[[ RECORDS SUPPLIED open ]]
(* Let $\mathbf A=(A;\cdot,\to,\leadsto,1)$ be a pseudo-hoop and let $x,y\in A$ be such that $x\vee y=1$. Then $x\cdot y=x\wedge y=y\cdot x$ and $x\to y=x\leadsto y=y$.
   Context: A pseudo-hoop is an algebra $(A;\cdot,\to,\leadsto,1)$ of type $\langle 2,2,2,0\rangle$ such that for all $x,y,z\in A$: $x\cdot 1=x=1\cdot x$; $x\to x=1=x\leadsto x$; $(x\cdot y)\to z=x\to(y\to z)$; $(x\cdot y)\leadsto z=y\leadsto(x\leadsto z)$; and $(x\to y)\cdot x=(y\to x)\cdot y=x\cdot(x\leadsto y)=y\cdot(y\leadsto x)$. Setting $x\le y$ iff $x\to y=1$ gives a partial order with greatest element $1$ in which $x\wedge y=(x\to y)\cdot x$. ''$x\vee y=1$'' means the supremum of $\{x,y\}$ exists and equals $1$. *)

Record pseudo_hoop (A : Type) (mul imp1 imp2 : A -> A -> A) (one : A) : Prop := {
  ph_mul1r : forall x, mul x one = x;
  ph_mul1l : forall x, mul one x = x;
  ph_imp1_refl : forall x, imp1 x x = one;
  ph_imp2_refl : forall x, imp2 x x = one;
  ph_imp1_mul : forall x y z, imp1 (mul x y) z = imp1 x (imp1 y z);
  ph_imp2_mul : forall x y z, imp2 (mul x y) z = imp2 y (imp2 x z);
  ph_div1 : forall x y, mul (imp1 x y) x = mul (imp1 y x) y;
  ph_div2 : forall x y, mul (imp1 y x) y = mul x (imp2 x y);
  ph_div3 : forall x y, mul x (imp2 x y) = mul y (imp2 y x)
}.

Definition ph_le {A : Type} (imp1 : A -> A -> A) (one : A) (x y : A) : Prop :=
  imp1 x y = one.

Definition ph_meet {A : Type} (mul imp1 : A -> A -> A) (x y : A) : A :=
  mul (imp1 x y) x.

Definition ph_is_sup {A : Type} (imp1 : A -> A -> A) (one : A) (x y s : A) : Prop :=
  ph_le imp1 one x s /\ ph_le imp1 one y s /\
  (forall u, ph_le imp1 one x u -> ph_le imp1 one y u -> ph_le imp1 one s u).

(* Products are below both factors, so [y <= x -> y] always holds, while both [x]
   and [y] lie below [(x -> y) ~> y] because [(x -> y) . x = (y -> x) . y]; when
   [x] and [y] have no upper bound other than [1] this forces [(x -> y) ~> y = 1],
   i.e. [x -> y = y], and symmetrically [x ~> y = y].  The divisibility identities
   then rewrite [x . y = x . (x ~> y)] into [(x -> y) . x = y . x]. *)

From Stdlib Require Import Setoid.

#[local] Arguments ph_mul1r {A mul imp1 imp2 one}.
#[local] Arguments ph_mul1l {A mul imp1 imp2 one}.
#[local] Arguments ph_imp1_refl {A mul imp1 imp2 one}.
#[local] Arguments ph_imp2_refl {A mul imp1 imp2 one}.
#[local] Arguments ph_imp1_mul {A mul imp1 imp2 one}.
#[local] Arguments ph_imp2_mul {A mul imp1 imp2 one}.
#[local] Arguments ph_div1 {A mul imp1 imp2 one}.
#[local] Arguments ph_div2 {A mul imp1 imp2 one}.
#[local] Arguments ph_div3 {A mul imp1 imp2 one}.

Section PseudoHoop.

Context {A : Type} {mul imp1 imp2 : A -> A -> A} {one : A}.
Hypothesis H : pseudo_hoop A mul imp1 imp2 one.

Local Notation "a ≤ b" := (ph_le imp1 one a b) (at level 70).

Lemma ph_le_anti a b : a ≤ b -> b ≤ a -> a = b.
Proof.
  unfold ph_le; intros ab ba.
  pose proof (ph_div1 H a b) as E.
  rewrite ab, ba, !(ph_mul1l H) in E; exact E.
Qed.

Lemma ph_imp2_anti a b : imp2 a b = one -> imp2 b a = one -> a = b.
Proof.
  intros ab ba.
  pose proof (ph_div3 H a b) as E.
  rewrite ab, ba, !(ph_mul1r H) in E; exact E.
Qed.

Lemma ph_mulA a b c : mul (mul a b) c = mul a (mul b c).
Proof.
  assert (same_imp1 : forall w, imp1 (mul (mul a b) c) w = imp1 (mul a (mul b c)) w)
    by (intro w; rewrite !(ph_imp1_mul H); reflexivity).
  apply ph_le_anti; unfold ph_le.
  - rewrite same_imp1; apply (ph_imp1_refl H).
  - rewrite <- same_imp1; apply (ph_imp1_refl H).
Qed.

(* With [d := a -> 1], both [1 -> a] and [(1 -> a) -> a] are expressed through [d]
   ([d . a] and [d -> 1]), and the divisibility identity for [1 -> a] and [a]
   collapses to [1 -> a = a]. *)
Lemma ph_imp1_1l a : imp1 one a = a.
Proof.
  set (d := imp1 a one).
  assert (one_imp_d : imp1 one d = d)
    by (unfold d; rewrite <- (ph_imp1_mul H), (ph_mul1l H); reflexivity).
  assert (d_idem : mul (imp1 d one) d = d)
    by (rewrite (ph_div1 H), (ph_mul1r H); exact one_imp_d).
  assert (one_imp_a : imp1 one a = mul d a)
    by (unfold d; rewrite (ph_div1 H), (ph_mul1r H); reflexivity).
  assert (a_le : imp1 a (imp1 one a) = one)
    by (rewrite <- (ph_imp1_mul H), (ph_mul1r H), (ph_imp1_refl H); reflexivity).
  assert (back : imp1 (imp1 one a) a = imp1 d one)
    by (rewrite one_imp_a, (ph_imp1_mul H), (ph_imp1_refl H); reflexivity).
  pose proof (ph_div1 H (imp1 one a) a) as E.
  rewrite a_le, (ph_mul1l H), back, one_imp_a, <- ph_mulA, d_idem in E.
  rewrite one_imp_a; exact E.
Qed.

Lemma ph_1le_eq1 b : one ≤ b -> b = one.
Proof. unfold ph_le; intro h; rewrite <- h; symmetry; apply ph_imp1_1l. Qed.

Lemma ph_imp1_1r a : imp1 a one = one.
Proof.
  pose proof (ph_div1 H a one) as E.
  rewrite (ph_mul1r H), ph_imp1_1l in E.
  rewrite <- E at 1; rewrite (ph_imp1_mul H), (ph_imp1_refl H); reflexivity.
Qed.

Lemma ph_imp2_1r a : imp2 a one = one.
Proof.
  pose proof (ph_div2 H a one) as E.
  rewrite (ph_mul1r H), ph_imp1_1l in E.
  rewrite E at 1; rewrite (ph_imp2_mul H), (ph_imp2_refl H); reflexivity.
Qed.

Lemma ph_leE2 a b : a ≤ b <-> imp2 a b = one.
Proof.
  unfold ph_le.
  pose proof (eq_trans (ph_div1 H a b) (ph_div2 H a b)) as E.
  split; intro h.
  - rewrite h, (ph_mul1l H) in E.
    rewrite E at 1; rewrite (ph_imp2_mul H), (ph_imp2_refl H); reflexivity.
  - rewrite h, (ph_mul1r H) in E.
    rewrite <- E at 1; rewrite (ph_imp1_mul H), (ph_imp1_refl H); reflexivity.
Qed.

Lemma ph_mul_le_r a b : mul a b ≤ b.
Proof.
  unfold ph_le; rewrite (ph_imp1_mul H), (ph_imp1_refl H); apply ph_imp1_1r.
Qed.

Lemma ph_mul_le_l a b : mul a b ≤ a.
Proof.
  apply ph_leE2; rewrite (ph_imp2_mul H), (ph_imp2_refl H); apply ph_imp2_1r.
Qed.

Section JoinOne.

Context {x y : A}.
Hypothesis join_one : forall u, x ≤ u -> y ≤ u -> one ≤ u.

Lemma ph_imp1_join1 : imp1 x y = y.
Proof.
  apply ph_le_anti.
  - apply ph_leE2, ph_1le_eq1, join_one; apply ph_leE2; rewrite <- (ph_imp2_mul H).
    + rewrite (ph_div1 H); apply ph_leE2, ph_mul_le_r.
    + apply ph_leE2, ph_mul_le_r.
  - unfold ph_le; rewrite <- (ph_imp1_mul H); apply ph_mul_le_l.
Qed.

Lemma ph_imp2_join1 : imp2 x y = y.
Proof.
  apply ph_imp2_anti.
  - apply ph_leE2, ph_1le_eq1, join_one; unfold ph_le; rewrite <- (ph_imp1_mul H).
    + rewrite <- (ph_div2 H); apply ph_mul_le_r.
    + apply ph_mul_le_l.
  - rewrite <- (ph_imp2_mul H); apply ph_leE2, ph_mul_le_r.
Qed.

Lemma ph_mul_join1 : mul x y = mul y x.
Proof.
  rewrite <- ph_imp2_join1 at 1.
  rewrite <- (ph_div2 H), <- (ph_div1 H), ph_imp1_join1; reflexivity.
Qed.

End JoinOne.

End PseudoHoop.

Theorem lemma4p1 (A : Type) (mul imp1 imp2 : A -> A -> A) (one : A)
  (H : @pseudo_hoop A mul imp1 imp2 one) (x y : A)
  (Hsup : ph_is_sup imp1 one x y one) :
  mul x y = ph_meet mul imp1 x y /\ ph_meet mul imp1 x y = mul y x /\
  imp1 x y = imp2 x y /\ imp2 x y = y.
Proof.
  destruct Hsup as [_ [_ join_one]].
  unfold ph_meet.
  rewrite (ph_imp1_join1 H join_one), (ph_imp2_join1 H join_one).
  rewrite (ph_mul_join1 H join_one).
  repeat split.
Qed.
[[ RECORDS SUPPLIED closed ]]
» **WHAT TO WORK ON**: Write out an exact transcription of the line with "imp1 x y = imp2 x y /\ imp2 x y = y." and of each line after it; stop at the end of the records.

» **TASK RESULT**:
  imp1 x y = imp2 x y /\ imp2 x y = y.
Proof.
  destruct Hsup as [_ [_ join_one]].
  unfold ph_meet.
  rewrite (ph_imp1_join1 H join_one), (ph_imp2_join1 H join_one).
  rewrite (ph_mul_join1 H join_one).
  repeat split.
Qed.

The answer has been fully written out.